What's for Dinner? Peppery Beef and Vegetables



Peppery Beef and Vegetables

** We make this one all the time.
Recipe from "BH&G New Dieters Cookbook" 
  
Ingredients:
  • 12oz lean boneless beef
  • 4 oz packaged dried linguini (used spaghetti noodles)
  • ½ cup low-sod soy sauce
  • 2 tbsp corn starch
  • 1/2 tsp black pepper
  • 1/8 tsp ground red pepper
  • 1 glove garlic, minced
  • 1 cup fresh or frozen pea pods (we use broccoli)
  • ½ cup chopped green or red peppers (we omit because Joe doesn't like)
  • 1 cup sliced fresh mushrooms
  • 1 tbsp cooking oil
Directions:

1. Cut beef into bite size strips. Set aside.
2. Cook pasta, omit oil and salt.

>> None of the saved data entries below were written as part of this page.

Lemma isBONG_orthogonal (ord : F -> int) (L : 'rV[F]_3 -> Prop) y2 :
  x2 = proj G x1 y2 -> L x1 -> L y2 ->
  (exists2 y3, L y3 & bil G y3 x3 = qf G x3) ->
  (forall z, L z -> inI ord (qf G x1) (qf G z)) ->
  (forall z, L z -> inI ord (qf G x2) (qf G (proj G x1 z))) ->
  (forall z, L z -> inI ord (qf G x3) (bil G z x3 ^+ 2 / qf G x3)) ->
  isBONG ord G L [:: x1; x2; x3].
Proof.
move=> x2E Lx1 Ly2 [y3 Ly3 y3x3] n1 n2 n3.
have ppE := proj_proj_orthogonal.
split=> //; split; first exact/eqP.
split=> //.
split; first by exists y2.
split; first exact/eqP.
split; first by move=> _ [z Lz ->]; apply: n2.
split; first by exists (proj G x1 y3); [exists y3|rewrite ppE y3x3 divff ?scale1r].
split; first exact/eqP.
split.
  move=> _ [_ [z Lz ->] ->]; rewrite ppE qfZ expr_div_n mulrAC.
  by rewrite [qf G x3 ^+ 2]expr2 invfM mulrA mulfK //; apply: n3.
by move=> _ [_ [_ [z Lz ->] ->] ->]; rewrite ppE /proj bilZl divfK // subrr.
Qed.
End TernarySpace.

Lemma bil_block_diag (F : fieldType) m n (A : 'M[F]_m) (D : 'M[F]_n) x1 x2 y1 y2 :
  bil (block_mx A 0 0 D) (row_mx x1 x2) (row_mx y1 y2) = bil A x1 y1 + bil D x2 y2.
Proof.
by rewrite /bil tr_row_mx mul_row_block !mulmx0 addr0 add0r mul_row_col mxE.
Qed.

Section Coordinates.
Variable F : fieldType.

Definition row2 (a b : F) : 'rV[F]_2 := \row_j [:: a; b]`_j.
Definition row3 (a b c : F) : 'rV[F]_3 := row_mx (row2 a b) c%:M.

Lemma gramA_sym (g xi eta : F) : (gramA g xi eta)^T = gramA g xi eta.
Proof. by apply/matrixP => -[[|[|?]] ?] [[|[|?]] ?]; rewrite !mxE. Qed.

Lemma orth_unary_sym (A : 'M[F]_2) a : A^T = A -> (orth_unary A a)^T = orth_unary A a.
Proof.
by move=> A_sym; have := tr_block_mx A 0 0 (a%:M : 'M_1); rewrite A_sym !trmx0 tr_scalar_mx.
Qed.

Lemma bil_orth_unary_gramA (g xi eta d a b c a' b' c' : F) :
  bil (orth_unary (gramA g xi eta) d) (row3 a b c) (row3 a' b' c') =
  g * xi * a * a' + g * (a * b' + b * a') + g * eta * b * b' + d * c * c'.
Proof.
apply: eq_trans (bil_block_diag (gramA g xi eta) d%:M (row2 a b) c%:M (row2 a' b') c'%:M) _.
by rewrite /bil !(mxE, big_ord_recr, big_ord0) /=; ring.
Qed.

Lemma scale_row3 (k a b c : F) : k *: row3 a b c = row3 (k * a) (k * b) (k * c).
Proof.
apply/rowP => j; rewrite !mxE; case: splitP => i _; rewrite !mxE.
  by case: i => [[|[|?]] ?].
by rewrite ord1 eqxx !mulr1n.
Qed.

Lemma std_latticeP (ord : F -> int) z : std_lattice ord z ->
  exists a b c, [/\ z = row3 a b c, inO ord a, inO ord b & inO ord c].
Proof.
move=> zO; exists (z 0 (lshift 1 (0 : 'I_2))), (z 0 (lshift 1 (1 : 'I_2))).
exists (z 0 (rshift 2 (0 : 'I_1))); split => //.
apply/rowP => j; rewrite !mxE; case: splitP => k jk; rewrite !mxE.
  by case: k jk => [[|[|?]] ?] //= jk; congr (z 0 _); apply: val_inj.
by rewrite ord1 eqxx mulr1n; congr (z 0 _); apply: val_inj; rewrite /= jk ord1.
Qed.

Lemma std_lattice_row3 (ord : F -> int) a b c :
  inO ord a -> inO ord b -> inO ord c -> std_lattice ord (row3 a b c).
Proof.
move=> aO bO cO j; rewrite !mxE; case: splitP => k _; rewrite !mxE.
  by case: k => [[|[|?]] ?].
by rewrite ord1 eqxx mulr1n.
Qed.
End Coordinates.

Section Valuation.
Variables (F : fieldType) (ord : F -> int) (pi : F).
Hypothesis HF : dyadic_local_field ord pi.

Definition val_ge (k : int) (x : F) : Prop := x = 0 \/ (k <= ord x)%R.

Lemma ordM x y : x != 0 -> y != 0 -> ord (x * y) = ord x + ord y.
Proof. by move=> /eqP x0 /eqP y0; apply: (ord_mul HF). Qed.

Lemma ord1 : ord 1 = 0.
Proof.
by have := ordM (oner_neq0 F) (oner_neq0 F); rewrite mulr1; set o := ord 1 => ?; lia.
Qed.

Lemma ordV x : x != 0 -> ord x^-1 = - ord x.
Proof.
by move=> x0; have := ordM x0 (invr_neq0 x0); rewrite mulfV // ord1 => ?; lia.
Qed.

Lemma ordN x : x != 0 -> ord (- x) = ord x.
Proof.
move=> x0; have N1 : (-1 : F) != 0 by rewrite oppr_eq0 oner_neq0.
have := ordM N1 N1; rewrite mulrNN mulr1 ord1 => ordN1.
by rewrite -mulN1r (ordM N1 x0); lia.
Qed.

Lemma ordX x m : x != 0 -> ord (x ^+ m) = m%:Z * ord x.
Proof.
move=> x0; elim: m => [|m IH]; first by rewrite expr0 ord1 mul0r.
by rewrite exprS (ordM x0) ?expf_neq0 // IH; lia.
Qed.

Lemma val_geW k l x : (k <= l)%R -> val_ge l x -> val_ge k x.
Proof. by move=> kl [->|lx]; [left | right; lia]. Qed.

Lemma val_geN k x : val_ge k x -> val_ge k (- x).
Proof.
have [->|x0] := eqVneq x 0; first by rewrite oppr0.
by case=> [/eqP|kx]; [rewrite (negPf x0) | right; rewrite ordN].
Qed.

Lemma val_geD k x y : val_ge k x -> val_ge k y -> val_ge k (x + y).
Proof.
have [->|x0] := eqVneq x 0; first by rewrite add0r.
have [->|y0] := eqVneq y 0; first by rewrite addr0.
have [->|xy0] := eqVneq (x + y) 0; first by left.
case=> [/eqP|kx]; first by rewrite (negPf x0).
case=> [/eqP|ky]; first by rewrite (negPf y0).
right; move/eqP: x0 => x0; move/eqP: y0 => y0; move/eqP: xy0 => xy0.
have := ord_add HF x0 y0 xy0.
by apply: le_trans; rewrite le_min kx ky.
Qed.

Lemma val_geB k x y : val_ge k x -> val_ge k y -> val_ge k (x - y).
Proof. by move=> kx ky; apply/val_geD/val_geN. Qed.

Lemma val_geM k l x y : val_ge k x -> val_ge l y -> val_ge (k + l) (x * y).
Proof.
have [->|x0] := eqVneq x 0; first by rewrite mul0r; left.
have [->|y0] := eqVneq y 0; first by rewrite mulr0; left.
case=> [/eqP|kx]; first by rewrite (negPf x0).
case=> [/eqP|ly]; first by rewrite (negPf y0).
by right; rewrite ordM //; lia.
Qed.

Lemma val_geM_inO k x y : val_ge k x -> inO ord y -> val_ge k (x * y).
Proof. by move=> kx y0; have := val_geM kx y0; rewrite addr0. Qed.

Lemma inO_val_geM k x y : inO ord x -> val_ge k y -> val_ge k (x * y).
Proof. by move=> x0 ky; have := val_geM x0 ky; rewrite add0r. Qed.

Lemma val_ge_all x : (forall k, val_ge k x) -> x = 0.
Proof. by move=> x_small; case: (x_small (ord x + 1)) => //; lia. Qed.

Lemma inOM x y : inO ord x -> inO ord y -> inO ord (x * y).
Proof. exact: val_geM_inO. Qed.

Lemma inOD x y : inO ord x -> inO ord y -> inO ord (x + y).
Proof. exact: val_geD. Qed.

Lemma inON x : inO ord x -> inO ord (- x).
Proof. exact: val_geN. Qed.

Lemma inO1 : inO ord 1.
Proof. by right; rewrite ord1. Qed.

Lemma inOX x m : inO ord x -> inO ord (x ^+ m).
Proof.
move=> x0; elim: m => [|m IH]; first exact: inO1.
by rewrite exprS; apply: inOM.
Qed.

Lemma val_ge_pi : val_ge 1 pi.
Proof. by right; rewrite (ord_pi HF). Qed.

Lemma val_ge_two : val_ge 1 2.
Proof. by right; have := dyadic HF; lia. Qed.

Lemma val_ge1_pi_multiple x : inI ord pi x -> val_ge 1 x.
Proof. by case=> t [t0 ->]; have := val_geM val_ge_pi t0; rewrite addr0. Qed.

Lemma inI_of_inO a b : a != 0 -> inO ord (b / a) -> inI ord a b.
Proof. by move=> a0 ba; exists (b / a); split; rewrite // mulrC divfK. Qed.

Lemma unitO_inO x : unitO ord x -> inO ord x.
Proof. by case=> _ x0; right; rewrite x0. Qed.

Lemma unitO1 : unitO ord 1.
Proof. by split; [exact/eqP/oner_neq0 | exact: ord1]. Qed.

Lemma unitOV x : unitO ord x -> unitO ord x^-1.
Proof.
by case=> /eqP x0 ox; split; [apply/eqP; rewrite invr_eq0 | rewrite ordV // ox].
Qed.

Lemma unitOM x y : unitO ord x -> unitO ord y -> unitO ord (x * y).
Proof.
case=> /eqP x0 ox [/eqP y0 oy]; split; first exact/eqP/mulf_neq0.
by rewrite ordM // ox oy.
Qed.

Lemma unitO_val_ge1 x : unitO ord x -> ~ val_ge 1 x.
Proof. by case=> x0 ox [|]; [|rewrite ox]. Qed.

Lemma unitO_of x : inO ord x -> ~ val_ge 1 x -> unitO ord x.
Proof.
case=> [x0|ox] x_unit; first by case: x_unit; left.
split; first by move=> x0; apply: x_unit; left.
by apply/eqP; rewrite eq_le ox andbT; apply/negP => ?; apply: x_unit; right; lia.
Qed.

Lemma unitOD x y : unitO ord x -> val_ge 1 y -> unitO ord (x + y).
Proof.
move=> x_unit y1; apply: unitO_of.
  by apply: val_geD; [exact: unitO_inO | exact: val_geW y1].
by move=> xy1; apply: (unitO_val_ge1 x_unit); rewrite -(addrK y x); apply: val_geB.
Qed.

Lemma cvg_of_increments (u : nat -> F) :
  (forall m, val_ge m%:Z (u m.+1 - u m)) ->
  exists l, forall k, exists N, forall m, (N <= m)%N -> val_ge k (u m - l).
Proof.
move=> du.
have tail N m : (N <= m)%N -> val_ge N%:Z (u m - u N).
  elim: m => [|m IH]; first by rewrite leqn0 => /eqP ->; rewrite subrr; left.
  rewrite leq_eqVlt => /orP[/eqP ->|]; first by rewrite subrr; left.
  rewrite ltnS => Nm; rewrite -(subrKA (u m)).
  by apply: val_geD; [apply: val_geW (du m); lia | exact: IH].
have [l ul] : exists l, forall k : int, exists N, forall m, (N <= m)%N ->
    u m = l \/ (k <= ord (u m - l))%R.
  apply: (complete HF) => k; exists `|k|%N => m n km kn.
  have : val_ge `|k|%N (u m - u n).
    have -> : u m - u n = (u m - u `|k|%N) - (u n - u `|k|%N) by ring.
    by apply: val_geB; apply: tail.
  case=> [/eqP|kmn]; first by rewrite subr_eq0 => /eqP ->; left.
  by right; apply: le_trans kmn; lia.
exists l => k; have [N uN] := ul k; exists N => m /uN[->|]; last by right.
by rewrite subrr; left.
Qed.

Lemma artin_schreier_root z : val_ge 1 z -> exists y, val_ge 1 y /\ y ^+ 2 + y = z.
Proof.
move=> z1; pose u n := iter n (fun y => z - y ^+ 2) 0.
have uS n : u n.+1 = z - u n ^+ 2 by [].
have u_small n : val_ge 1 (u n).
  elim: n => [|n IH]; first by left.
  rewrite uS; apply: val_geB => //.
  by apply: (@val_geW 1 (1 + 1)); rewrite ?expr2 //; apply: val_geM.
have du n : val_ge n.+1%:Z (u n.+1 - u n).
  elim: n => [|n IH]; first by rewrite subr0 uS expr2 mulr0 subr0.
  have -> : u n.+2 - u n.+1 = - ((u n.+1 - u n) * (u n.+1 + u n)) by rewrite !uS; ring.
  apply/val_geN/(@val_geW _ (n.+1%:Z + 1)); first lia.
  by apply: val_geM => //; apply: val_geD.
have [l ul] : exists l, forall k, exists N, forall m, (N <= m)%N -> val_ge k (u m - l).
  by apply: cvg_of_increments => n; apply: val_geW (du n); lia.
have l_small : val_ge 1 l.
  have [N uN] := ul 1; rewrite -(subrK (u N) l) -opprB.
  by apply: val_geD; [apply/val_geN/uN | apply: u_small].
exists l; split => //; apply/eqP; rewrite -subr_eq0; apply/eqP/val_ge_all => k.
have [N uN] := ul k.
have -> : l ^+ 2 + l - z = (l - u N) * (l + u N) + (l - u N.+1) by rewrite uS; ring.
have lN m : (N <= m)%N -> val_ge k (l - u m) by move=> Nm; rewrite -opprB; apply/val_geN/uN.
apply: val_geD; last exact: lN.
rewrite -[k]addr0; apply: val_geM; first exact: lN.
by apply: (@val_geW 0 1) => //; apply: val_geD.
Qed.

(* The residue field has characteristic 2, so squaring is injective on it. *)
Lemma val_ge1_sub_sqr x y : inO ord x -> inO ord y ->
  val_ge 1 (x ^+ 2 - y ^+ 2) -> val_ge 1 (x - y).
Proof.
move=> x0 y0 xy2.
have sqr_small : val_ge 1 ((x - y) ^+ 2).
  have -> : (x - y) ^+ 2 = (x ^+ 2 - y ^+ 2) - 2 * y * (x - y) by ring.
  apply: val_geB => //; rewrite -[1]addr0 -[1 + 0]addr0.
  by apply: val_geM; [apply: val_geM; [exact: val_ge_two|] | apply: val_geB].
have [-> |xy0] := eqVneq (x - y) 0; first by left.
case: sqr_small => [/eqP|]; first by rewrite expf_eq0 (negPf xy0) andbF.
by rewrite ordX // => ?; right; lia.
Qed.

Lemma residue_frobenius_periodic u : inO ord u ->
  exists2 m, (0 < m)%N & val_ge 1 (u - u ^+ (2 ^ m)).
Proof.
move=> u0; have [reps reps_cover] := finite_residue HF.
pose g m := u ^+ (2 ^ m).
have gS m : g m.+1 = g m ^+ 2 by rewrite /g expnSr exprM.
have g_class m : exists i : 'I_(size reps), val_ge 1 (g m - nth 0 reps i).
  have [t t_rep gt] := reps_cover (g m) (inOX _ u0).
  exists (Ordinal (etrans (index_mem t reps) t_rep)).
  by rewrite /= nth_index //; apply: val_ge1_pi_multiple.
pose c m := proj1_sig (constructive_indefinite_description _ (g_class m)).
have gc m : val_ge 1 (g m - nth 0 reps (c m)).
  exact: proj2_sig (constructive_indefinite_description _ (g_class m)).
have periodic a b : (a < b)%N -> c a = c b -> val_ge 1 (g 0 - g (b - a)%N).
  move=> ab cab; have : val_ge 1 (g a - g (a + (b - a))%N).
    rewrite subnKC ?(ltnW ab) //.
    have -> : g a - g b = (g a - nth 0 reps (c a)) - (g b - nth 0 reps (c b)).
      by rewrite cab; ring.
    by apply: val_geB.
  move: (b - a)%N => m; elim: a {ab cab} => [|a IH]; first by rewrite add0n.
  by rewrite addSn !gS => ga; apply: IH; apply: val_ge1_sub_sqr => //; apply: inOX.
pose cf (j : 'I_(size reps).+1) := c j.
have : ~~ injectiveb cf.
  by apply/injectiveP => /leq_card; rewrite !card_ord ltnn.
case/injectivePn => i [j ij cij].
have [lt_ij|lt_ji] := ltnP i j.
  by exists (j - i)%N; [rewrite subn_gt0 | exact: periodic].
have {}lt_ji : (j < i)%N.
  by rewrite ltn_neqAle lt_ji andbT eq_sym; apply: contra ij => /eqP/val_inj ->.
by exists (i - j)%N; [rewrite subn_gt0 | exact: periodic].
Qed.

Lemma residue_square u : inO ord u -> exists b, inO ord b /\ val_ge 1 (u - b ^+ 2).
Proof.
move=> u0; have [m m0 um] := residue_frobenius_periodic u0.
exists (u ^+ (2 ^ m.-1)); split; first exact: inOX.
by rewrite -exprM -expnSr prednK.
Qed.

Drain well, keep warm.
3. For sauce – Stir together soy sauce, cornstarch, peppers – black and red, and ½ cup of water. Set aside.
4. Spray wok. Preheat over med-high heat. Add garlic, cook for 30 sec. Add pea pos and red/green peppers – cook for 1 minute. Add mushrooms – cook for 1-2 minutes more or until vegetables are crisp-tender. Remove veg from wok.
5. Add oil to wok. Stir-fry beef in hot oil for 3 minutes or until done. Push beef aside, pour sauce into center of wok. Cook and stir until bubbled and thickened. Return vegetables and cook for 2 more minutes. Toss with pasta.